Q. And that is why you love the United States of America?

A. Yes.

Felix Frankfurter, The Case of Sacco and Vanzetti, Atlantic Monthly, March 1927.

Lyrics as reprinted in liner notes for "Ballades de Sacco & Vanzetti" (French edition of "Ballads of Sacco & Vanzetti", Folkways/Le Chant du Monde, LDX 74467, 1960s); minor corrections by Manfred Helfert.

Oh, pour me a drink of Italian red wine;
And let me taste it and call back to mind
Once more in my thoughts, and once more in my soul,
This story as great, if not greater, than all.

The AP news on June 24th
Told about a patrolman named Earl J. Vaugh.
He stepped on a Main Street trolley car
And arrested Sacco and Vanzetti there.

The article tells how Earl J. Vaugh
Is now retiring as an officer of law;
This cop goes down in my history
For arresting Sacco and Vanzetti that day.
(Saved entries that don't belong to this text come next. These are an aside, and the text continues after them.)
(* Near a transversal zero [h] takes both signs, so one of the two outer
   subintervals carries a sign change. *)
Lemma another_root h xl x0 xr m :
  xl < x0 < xr -> (forall x, xl <= x <= xr -> continuity_pt h x) ->
  h x0 = 0 -> derivable_pt_lim h x0 m -> m <> 0 -> 0 < h xl * h xr ->
  exists z, xl < z < xr /\ z <> x0 /\ h z = 0.
Proof.
  intros Hx Hc H0 Hd Hm Hends.
  destruct (derivative_sign_near h x0 m Hd Hm) as [del [Hdel Hsign]].
  set (k := Rmin (del / 2) (Rmin (x0 - xl) (xr - x0) / 2)).
  assert (Hk1 : k <= del / 2) by apply Rmin_l.
  assert (Hk2 : k <= Rmin (x0 - xl) (xr - x0) / 2) by apply Rmin_r.
  assert (Hmin1 : Rmin (x0 - xl) (xr - x0) <= x0 - xl) by apply Rmin_l.
  assert (Hmin2 : Rmin (x0 - xl) (xr - x0) <= xr - x0) by apply Rmin_r.
  assert (Hk0 : 0 < k).
  { apply Rmin_glb_lt; [lra|]. assert (0 < Rmin (x0 - xl) (xr - x0)) by (apply Rmin_glb_lt; lra). lra. }
  assert (Hr := Hsign k ltac:(lra) ltac:(rewrite Rabs_right; lra)).
  assert (Hl := Hsign (- k) ltac:(lra) ltac:(rewrite Rabs_Ropp, Rabs_right; lra)).
  rewrite H0, Rminus_0_r in Hr, Hl.
  assert (Hr' : 0 < m * h (x0 + k)).
  { replace (m * h (x0 + k)) with (m * (h (x0 + k) / k) * k) by (field; lra). nra. }
  assert (Hl' : m * h (x0 + - k) < 0).
  { replace (m * h (x0 + - k)) with (- (m * (h (x0 + - k) / - k) * k)) by (field; lra). nra. }
  assert (Hopp : h (x0 + - k) * h (x0 + k) < 0) by nra.
  destruct (Rlt_dec (h xl * h (x0 + - k)) 0) as [Hleft | Hleft].
  - destruct (ivt_open h xl (x0 + - k)) as [z [Hz Hz0]]; try lra.
    + intros x Hx'. apply Hc. lra.
    + exists z. repeat split; lra.
  - destruct (ivt_open h (x0 + k) xr) as [z [Hz Hz0]]; try lra.
    + intros x Hx'. apply Hc. lra.
    + nra.
    + exists z. repeat split; lra.
Qed.

Lemma derivable_pt_lim_shift f x b l :
  derivable_pt_lim f (x + b) l -> derivable_pt_lim (fun y => f (y + b)) x l.
Proof.
  intros H eps Heps. destruct (H eps Heps) as [del Hdel]. exists del.
  intros k Hk Hkd. replace (x + k + b) with (x + b + k) by ring. auto.
Qed.

Lemma derivable_pt_lim_reflect g x l :
  derivable_pt_lim g (- x) l -> derivable_pt_lim (fun y => - g (- y)) x l.
Proof.
  intros H eps Heps. destruct (H eps Heps) as [del Hdel]. exists del.
  intros k Hk Hkd.
  replace (- (x + k)) with (- x + - k) by ring.
  replace ((- g (- x + - k) - - g (- x)) / k - l)
    with ((g (- x + - k) - g (- x)) / - k - l) by (field; auto).
  apply Hdel; [lra | now rewrite Rabs_Ropp].
Qed.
It was 1920, the 5th of May,
The cop and some buddies took these men away,
Off of the car and out and down,
And down to the jail in Brockton town.

"There's been a killing and a robbery
At the Slater Morrill shoe factory
You two gents are carryin' guns,
And you dodged the draft when the war did come."

"Yes, 'tis so, 'tis so, 'tis so,
We made for the borders of Mexico.
The rich man's war we could not fight,
So we crossed the border to keep out of sight."

"You men are known as radical sons,
You must be killers, you both carry guns."
"I'm a night watchman, my friend peddles fish,
And he carries his gun when he's got lots of cash."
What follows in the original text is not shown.